We hypothesized that the collagen fraction of spongin is crosslinked by halogenated dityrosines, which may escape the common AA analysis due to their high hydrophobicity. To check our hypothesis, we analyzed spongin samples fully hydrolyzed with HCL with an HPLC-MS analysis optimized for terpenes (see Supplementary Figs. 1220). Our analysis reveals that tyrosine derivatives can be easily separated from other amino acids (Fig. 5). The main tyrosine moieties of spongin were mono-chlorotyrosine, bromotyrosine and dibromotyrosine, consistent with the previously reported analyses. However, there was also revealed a significant presence of dibromo-dityrosine, the previously unreported tribromo-dityrosine, and their unknown iodo- and chloro-derivatives. Our analysis revealed that overall, about 10–15% of all tyrosine moieties in spongin exist as halogenated dityrosines. Some of them, including 5-bromo-3,3’-dityrosine, 5,5′-dibromo-3,3’-dityrosine, and 4,6,5′-tribromo-2,3’-dityrosine (see Supplementary Figs. 13, 15, 18) have not been previously reported in spongin. To the best of our knowledge, among the discovered halogenated di- and tri-tyrosines, only 3-bromo-dityrosine, 3-3’-dibromo dityrosine and 3-bromo-trityrosine have been reported, each on a single occasion, for example, in the cuticle of common brown crab (Cancer pagurus) as a side product of a sclerotization process37 without obvious evolutionary benefit for the species. In contrast, the halogenated di- and tri-tyrosines in spongin are at least partly the reason for the superior stability and elasticity of spongin as found only in bath sponges38.

Fig. 5. Reverse phase C−18 HPLC chromatogram of spongin acid hydrolysis.

Fig. 5

The chromatogram peaks labeled with blue letters correspond to known halogenated derivatives of tyrosine. Those with red letters correspond to brominated dityrosines, never previously reported in sponges. The structure of the main brominated dityrosines found in the sponge is shown on the left. A detailed ESI-MS and UV-Vis analysis of each highlighted compound is given in Supplementary Information, Supplementary Figs. 1218. Source data are provided as a Source Data file.

The elastic modulus of spongin from bath sponges ranges from 121.8 to 838.7 kPa38, while for naturally hydrated resilin, a di- and tri-tyrosine-crosslinked bioelastomer, this value is reported as 600–700 kPa39. The possible role of the di- and tri-bromotyrosines in shaping the mechanical properties of spongin as a bioelastomer of poriferan origin remains an open question and should be studied in detail.

This discovery clearly explains why the protein component of spongin was never identified previously, as di-tyrosine crosslinking prevents its analysis by common protein analytical methods. On the other hand, di-tyrosine in sponge exists exclusively in halogenated forms, which could not be revealed in common AA methods of analysis.

Di-tyrosines are less common in crosslinking proteins, which are formed by active oxidative moieties’ interaction with two tyrosines that are sterically close to each other. Similarly to collagen I–III, spongin has a fibrous triple helical-based structure, thus, the tyrosines from different tropocollagens can be sterically close to each other. Its oxidation will lead to the formation of intermolecular crosslinking, which cannot be reduced. Phenylalanine does not form dimers, therefore, the formation of the di-tyrosines can occur at any stage following the first oxidation of the phenylalanine to tyrosine, as shown in Supplementary Figs. 19, 20. Only meta-tyrosine can form tri-bromo-di-tyrosines (Fig. 5f), revealing a significant presence of meta-tyrosine and proving the oxidative (not biosynthetic) nature of most tyrosine residues in spongin.
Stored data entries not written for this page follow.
(* Consider smoothed X3C-$k$ or smoothed SC-$k$ on a collection $\mathcal C=\{C_1,\dots,C_n\}$, where each set weight $w_i$ is drawn independently from a distribution with density $f_i:[0,1]\to[0,\phi]$. Then the expected maximum number of iterations of local search (over all initial feasible solutions and all improving sequences) is $O(3^kn^{k+2}\phi)$, with an absolute hidden constant.
   Context: X3C-$k$ (Exact Cover by 3-Sets): given a finite set $\mathcal B$ with $|\mathcal B|=3q$ and a collection $\mathcal C=\{C_1,\dots,C_n\}$ of 3-element subsets of $\mathcal B$ with weights $w_i$, a feasible solution is $S\subseteq\mathcal C$ with $|S|=q$ and $\bigcup_{C_i\in S}C_i=\mathcal B$; its weight $\sum_{C_i\in S}w_i$ is to be maximized; neighbours of $S$ are exact covers obtained by adding or removing at most $k$ sets in total. SC-$k$ (Set Cover): given a collection $\mathcal C=\{C_1,\dots,C_n\}$ of subsets of $\mathcal B$ with weights $w_i$, a feasible solution is $S\subseteq\mathcal C$ with $\bigcup_{C_i\in S}C_i=\mathcal B$; its cost $\sum_{C_i\in S}w_i$ is to be minimized; neighbours are covers obtained by changing membership of at most $k$ sets. A solution is a feasible solution with no strictly better neighbour; local search repeatedly moves to a strictly better neighbour. *)

From HB Require Import structures.
From mathcomp Require Import all_boot all_order all_algebra.
From mathcomp Require Import all_classical all_reals all_analysis.
Set Implicit Arguments. Unset Strict Implicit. Unset Printing Implicit Defensive.
Import Order.TTheory GRing.Theory Num.Theory.

Local Open Scope ring_scope.

Inductive problem := X3C | SC.

Section LocalSearch.
Variables (R : realType) (B : finType) (n : nat).

Definition sol_weight (w : 'I_n -> R) (S : {set 'I_n}) : R := \sum_(i in S) w i.

Definition covers (C : 'I_n -> {set B}) (S : {set 'I_n}) : bool :=
  \bigcup_(i in S) C i == [set: B].

(** Feasibility.  X3C: |S| = q (= |B|/3) and S covers B (exact cover, since
    all sets have 3 elements and |B| = 3q).  SC: S covers B. *)
Definition feasible (pb : problem) (q : nat) (C : 'I_n -> {set B})
  (S : {set 'I_n}) : bool :=
  match pb with
  | X3C => (#|S| == q) && covers C S
  | SC => covers C S
  end.

Definition neighbour pb q C (k : nat) (S S' : {set 'I_n}) : bool :=
  [&& feasible pb q C S, feasible pb q C S' &
      #|(S :\: S') :|: (S' :\: S)| <= k]%N.

Definition better pb (w : 'I_n -> R) (S S' : {set 'I_n}) : bool :=
  match pb with
  | X3C => sol_weight w S < sol_weight w S'
  | SC => sol_weight w S' < sol_weight w S
  end.

Definition improving_run pb q C k w (s : seq {set 'I_n}) : bool :=
  all (feasible pb q C) s &&
  sorted (fun S S' => neighbour pb q C k S S' && better pb w S S') s.

(** Maximum number of iterations of local search over all initial feasible
    solutions and all improving sequences (number of steps = number of
    solutions in the run minus one).  Since runs are strictly improving, their
    solutions are pairwise distinct, so every run has fewer than 2^n steps and
    the cap [2^n] in the range of the maximum is never binding. *)
Definition max_iterations pb q C k (w : 'I_n -> R) : nat :=
  \max_(t < (2 ^ n).+1 |
        [exists s : t.+1.-tuple {set 'I_n}, improving_run pb q C k w s]) t.

End LocalSearch.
Molecular dynamics investigations

To further understand the impacts and possible mechanisms underlying the bromide crosslinks shown in Fig. 5, we explored simplified all-atom models of spongin by means of molecular dynamics (see Fig. 6). We solvated the crystal structures of collagen mimetic peptides (CMP) for type I (COL-I) and type III (COL-III) collagens in water, modeling four different systems: three crosslinks (1Br, 2Br, and 3Br crosslinks based on the structures described in Fig. 5 a, c and f, respectively) and one without a crosslink (noXlink). All systems were simulated for 200 ns. Additional details regarding our models and simulations are provided in Supplementary Note 4 and in the “Methods” section.

Fig. 6. Molecular models of crosslinked collagens type I and III.

Fig. 6

Each row displays a different system: a noXlink, b 1Br, c 2Br, and d 3Br. The column on the left shows 3D visualizations of the crosslinks (bromide atoms in magenta). The middle and right columns show the side and top view, respectively, of measured terminal distances (nm) at the C-N and N-C ends (left and right terminals of the molecules, respectively). COL-I is displayed in blue/cyan, and COL-III in orange/red.
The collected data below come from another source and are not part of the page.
(* Let $(X,d)$ be a proper geodesic metric space with a distinguished base point $0$, and let $(x_n)$ and $(y_n)$ be sequences in $X$ which both converge to the same point $\omega\in\partial_d X$ of the metric boundary. Then $\lim_{n\to\infty}(x_n\cdot y_n)=\infty$.
   Context: A metric space is proper if closed bounded sets are compact, and geodesic if any two points $x,y$ are joined by an isometric image of $[0,d(x,y)]$. The Gromov product with respect to the base point $0$ is $(x\cdot y)=\tfrac12\big(d(x,0)+d(y,0)-d(x,y)\big)$. For $y\in X$ let $\varphi_y(x)=d(x,0)-d(x,y)$. The metric compactification $\overline{X}^d$ is the maximal ideal space of the commutative unital C*-algebra generated by the continuous functions vanishing at infinity on $X$, the constants, and the functions $\varphi_y$ ($y\in X$); the metric boundary is $\partial_d X=\overline{X}^d\setminus X$. Concretely, a sequence $(x_n)$ in $X$ converges to a point of $\partial_d X$ iff it eventually leaves every compact subset of $X$ and $\varphi_y(x_n)$ converges for every $y\in X$; two such sequences converge to the same boundary point iff the limits of $\varphi_z$ along them agree for every $z\in X$. *)

From Stdlib Require Import Reals List.
From Coquelicot Require Import Coquelicot.
Open Scope R_scope.

Definition is_metric {X : Type} (d : X -> X -> R) : Prop :=
  (forall x y : X, d x y = 0 <-> x = y) /\
  (forall x y : X, d x y = d y x) /\
  (forall x y z : X, d x z <= d x y + d y z).

Section MetricNotions.
Context {X : Type} (d : X -> X -> R).

Definition m_open (U : X -> Prop) : Prop :=
  forall x, U x -> exists e, 0 < e /\ forall y, d x y < e -> U y.

Definition m_closed (F : X -> Prop) : Prop :=
  m_open (fun x => ~ F x).

Definition m_bounded (B : X -> Prop) : Prop :=
  exists (c : X) (r : R), forall x, B x -> d c x <= r.

Definition m_compact (K : X -> Prop) : Prop :=
  forall (I : Type) (U : I -> X -> Prop),
    (forall i, m_open (U i)) ->
    (forall x, K x -> exists i, U i x) ->
    exists l : list I, forall x, K x -> exists i, In i l /\ U i x.

Definition m_proper : Prop :=
  forall K : X -> Prop, m_closed K -> m_bounded K -> m_compact K.

Definition m_geodesic : Prop :=
  forall x y : X, exists g : R -> X,
    g 0 = x /\ g (d x y) = y /\
    forall s t, 0 <= s <= d x y -> 0 <= t <= d x y -> d (g s) (g t) = Rabs (s - t).

Variable o : X.

Definition gromov (x y : X) : R := (d x o + d y o - d x y) / 2.

Definition phi (y x : X) : R := d x o - d x y.

Definition leaves_compacts (u : nat -> X) : Prop :=
  forall K : X -> Prop, m_compact K ->
    exists N : nat, forall n, (N <= n)%nat -> ~ K (u n).

(* A point of the metric boundary is determined by the family of limits
   (lim phi_z(x_n))_{z in X}; we represent it by this function w : X -> R. *)
Definition conv_boundary (u : nat -> X) (w : X -> R) : Prop :=
  leaves_compacts u /\ forall z : X, is_lim_seq (fun n => phi z (u n)) (w z).

End MetricNotions.

(* The Gromov product dominates phi_p on average:
   2 (x.y) >= phi_p(x) + phi_p(y) for every p, by the triangle inequality
   through p.  So it suffices that the common limit w of phi_p along the two
   sequences is unbounded above.  Given t >= 0, take z_n on a geodesic from 0
   to x_n with d(0, z_n) = t; then phi_{z_n}(x_n) = t as soon as d(0, x_n) >= t,
   which holds eventually since x_n leaves the compact ball of radius t.  The
   z_n lie in that ball, so they accumulate at some p, and since phi is
   1-Lipschitz in its index, w(p) >= t - 1. *)

From Stdlib Require Import Reals.
From Coquelicot Require Import Coquelicot.
From Stdlib Require Import Lra Lia List Classical ClassicalEpsilon.
Open Scope R_scope.

Lemma is_lim_seq_eventually_near (u : nat -> R) (l eps : R) :
  0 < eps -> is_lim_seq u l ->
  exists N, forall n, (N <= n)%nat -> l - eps < u n < l + eps.
Proof.
  intros Heps Hu. apply is_lim_seq_spec in Hu.
  destruct (Hu (mkposreal eps Heps)) as [N HN]. exists N. intros n Hn.
  specialize (HN n Hn). simpl in HN. apply Rabs_def2 in HN. lra.
Qed.

Section Metric.
Variables (X : Type) (d : X -> X -> R).
Hypothesis Hmetric : is_metric d.

Lemma d_refl a : d a a = 0.
Proof. destruct Hmetric as [Hd _]. now apply Hd. Qed.

Lemma d_sym a b : d a b = d b a.
Proof. destruct Hmetric as [_ [Hs _]]. apply Hs. Qed.

Lemma d_triangle a b c : d a c <= d a b + d b c.
Proof. destruct Hmetric as [_ [_ Ht]]. apply Ht. Qed.

Lemma d_nonneg a b : 0 <= d a b.
Proof.
  pose proof (d_triangle a b a). rewrite d_refl, (d_sym b a) in H. lra.
Qed.

Lemma closed_ball_closed (c : X) (t : R) : m_closed d (fun a => d c a <= t).
Proof.
  intros a Ha. apply Rnot_le_lt in Ha. exists (d c a - t). split; [lra|].
  intros b Hb Hcb. pose proof (d_triangle c b a). rewrite (d_sym b a) in H. lra.
Qed.

Lemma compact_seq_cluster (K : X -> Prop) (z : nat -> X) :
  m_compact d K -> (forall n, K (z n)) ->
  exists p, K p /\ forall e N, 0 < e -> exists n, (N <= n)%nat /\ d p (z n) < e.
Proof.
  intros HK Hz. apply NNPP. intro Hnone.
  (* ball (p, e) such that z stays e-away from p from index N on *)
  set (U := fun (i : (X * R) * nat) (a : X) =>
    let '(p, e, N) := i in
    0 < e /\ (forall n, (N <= n)%nat -> e <= d p (z n)) /\ d p a < e).
  destruct (HK _ U) as [l Hl].
  - intros [[p e] N] a [He [HN Ha]].
    exists (e - d p a). split; [lra|]. intros b Hb.
    repeat split; auto. pose proof (d_triangle p a b). lra.
  - intros a Ka. apply NNPP. intro Hunc. apply Hnone.
    exists a. split; [exact Ka|]. intros e N He.
    apply NNPP. intro Hfar. apply Hunc. exists (a, e, N).
    repeat split; auto.
    + intros n Hn. apply Rnot_lt_le. intro. apply Hfar. now exists n.
    + rewrite d_refl. exact He.
  - set (M := list_max (map snd l)).
    destruct (Hl (z M) (Hz M)) as [[[p e] N] [Hin [_ [HN Hp]]]].
    assert (HNM : (N <= M)%nat).
    { assert (Hall := proj1 (list_max_le (map snd l) M) (le_n M)).
      rewrite Forall_forall in Hall. apply Hall.
      now apply (in_map snd) in Hin. }
    specialize (HN M HNM). lra.
Qed.

Lemma geodesic_point_at (a b : X) (t : R) :
  m_geodesic d -> 0 <= t <= d a b -> exists z, d a z = t /\ d z b = d a b - t.
Proof.
  intros Hgeod Ht. destruct (Hgeod a b) as [g [Hg0 [Hg1 Hiso]]].
  pose proof (d_nonneg a b). exists (g t). split.
  - rewrite <- Hg0 at 1. rewrite Hiso by lra. rewrite Rabs_left1; lra.
  - rewrite <- Hg1 at 1. rewrite Hiso by lra. rewrite Rabs_left1; lra.
Qed.

Variable o : X.

Lemma gromov_ge_phi (p a b : X) : phi d o p a + phi d o p b <= 2 * gromov d o a b.
Proof.
  unfold phi, gromov. pose proof (d_triangle a p b). rewrite (d_sym p b) in H. lra.
Qed.

Lemma phi_lipschitz_index (p z a : X) : phi d o z a - d z p <= phi d o p a.
Proof.
  unfold phi. pose proof (d_triangle a z p). lra.
Qed.

Hypotheses (Hproper : m_proper d) (Hgeod : m_geodesic d).

Lemma boundary_limit_unbounded (x : nat -> X) (w : X -> R) :
  conv_boundary d o x w -> forall t, 0 <= t -> exists p, t - 1 <= w p.
Proof.
  intros [Hleave Hlim] t Ht.
  set (K := fun a => d o a <= t).
  assert (HK : m_compact d K).
  { apply Hproper; [apply closed_ball_closed | now exists o, t]. }
  destruct (Hleave K HK) as [N0 HN0].
  assert (Hpoint : forall n, exists z, K z /\ (t <= d o (x n) -> phi d o z (x n) = t)).
  { intro n. destruct (Rle_dec t (d o (x n))) as [Hle | Hgt].
    - destruct (geodesic_point_at o (x n) t Hgeod (conj Ht Hle)) as [z [Hoz Hzx]].
      exists z. split; [unfold K; lra|]. intros _.
      unfold phi. rewrite (d_sym (x n) o), (d_sym (x n) z). lra.
    - exists o. split; [unfold K; rewrite d_refl; lra | lra]. }
  destruct (choice _ Hpoint) as [z Hz].
  destruct (compact_seq_cluster K z HK (fun n => proj1 (Hz n))) as [p [_ Hp]].
  exists p. apply Rnot_lt_le. intro Hlt.
  destruct (is_lim_seq_eventually_near _ _ ((t - 1 - w p) / 2) ltac:(lra) (Hlim p))
    as [N1 HN1].
  destruct (Hp 1 (N0 + N1)%nat Rlt_0_1) as [n [Hn Hzn]].
  assert (Hfar : t <= d o (x n)).
  { apply Rnot_lt_le. intro. apply (HN0 n ltac:(lia)). unfold K. lra. }
  pose proof (phi_lipschitz_index p (z n) (x n)).
  rewrite (proj2 (Hz n) Hfar), (d_sym (z n) p) in H.
  specialize (HN1 n ltac:(lia)). lra.
Qed.

End Metric.

Theorem mainTheorem3 (X : Type) (d : X -> X -> R) (o : X)
  (Hmetric : is_metric d) (Hproper : m_proper d) (Hgeod : m_geodesic d)
  (x y : nat -> X) (w : X -> R)
  (Hx : conv_boundary d o x w) (Hy : conv_boundary d o y w) :
  is_lim_seq (fun n => gromov d o (x n) (y n)) p_infty.
Proof.
  apply is_lim_seq_spec. intro M.
  destruct (boundary_limit_unbounded X d Hmetric o Hproper Hgeod x w Hx
              (Rmax 0 (M + 2)) (Rmax_l _ _)) as [p Hp].
  pose proof (Rmax_r 0 (M + 2)).
  destruct (is_lim_seq_eventually_near _ _ 1 Rlt_0_1 (proj2 Hx p)) as [Nx HNx].
  destruct (is_lim_seq_eventually_near _ _ 1 Rlt_0_1 (proj2 Hy p)) as [Ny HNy].
  exists (Nx + Ny)%nat. intros n Hn.
  specialize (HNx n ltac:(lia)). specialize (HNy n ltac:(lia)).
  pose proof (gromov_ge_phi X d Hmetric o p (x n) (y n)).
  lra.
Qed.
We calculated various parameters, such as RMSD, radius of gyration, collagen width, and terminal distances, to investigate the effects of different crosslinks on our models (see Supplementary Note 4, Supplementary Fig. 21, Supplementary Tables 46). We highlight the behavior of the terminal distances, as shown in Fig. 6. Our analysis shows that the crosslinks affect both terminal ends. When no crosslink is present (noXlink), the C-N distance is relatively large, and the N-C distances are smaller. However, as we introduce crosslinks (1Br, 2Br, and 3Br), the C-N distances decrease and the N-C distances increase. This observation is particularly intriguing, as it provides insights into how the positioning of the crosslinks may impact the behavior of the collagen’s terminal regions. This result may be related to reported metal-ion-mediated self-assembly in CMPs40. The use of both metal-ligand and hydrophobic interactions along the peptide backbone to form higher-order structures offers a compelling parallel to the influence of bromide crosslinks40.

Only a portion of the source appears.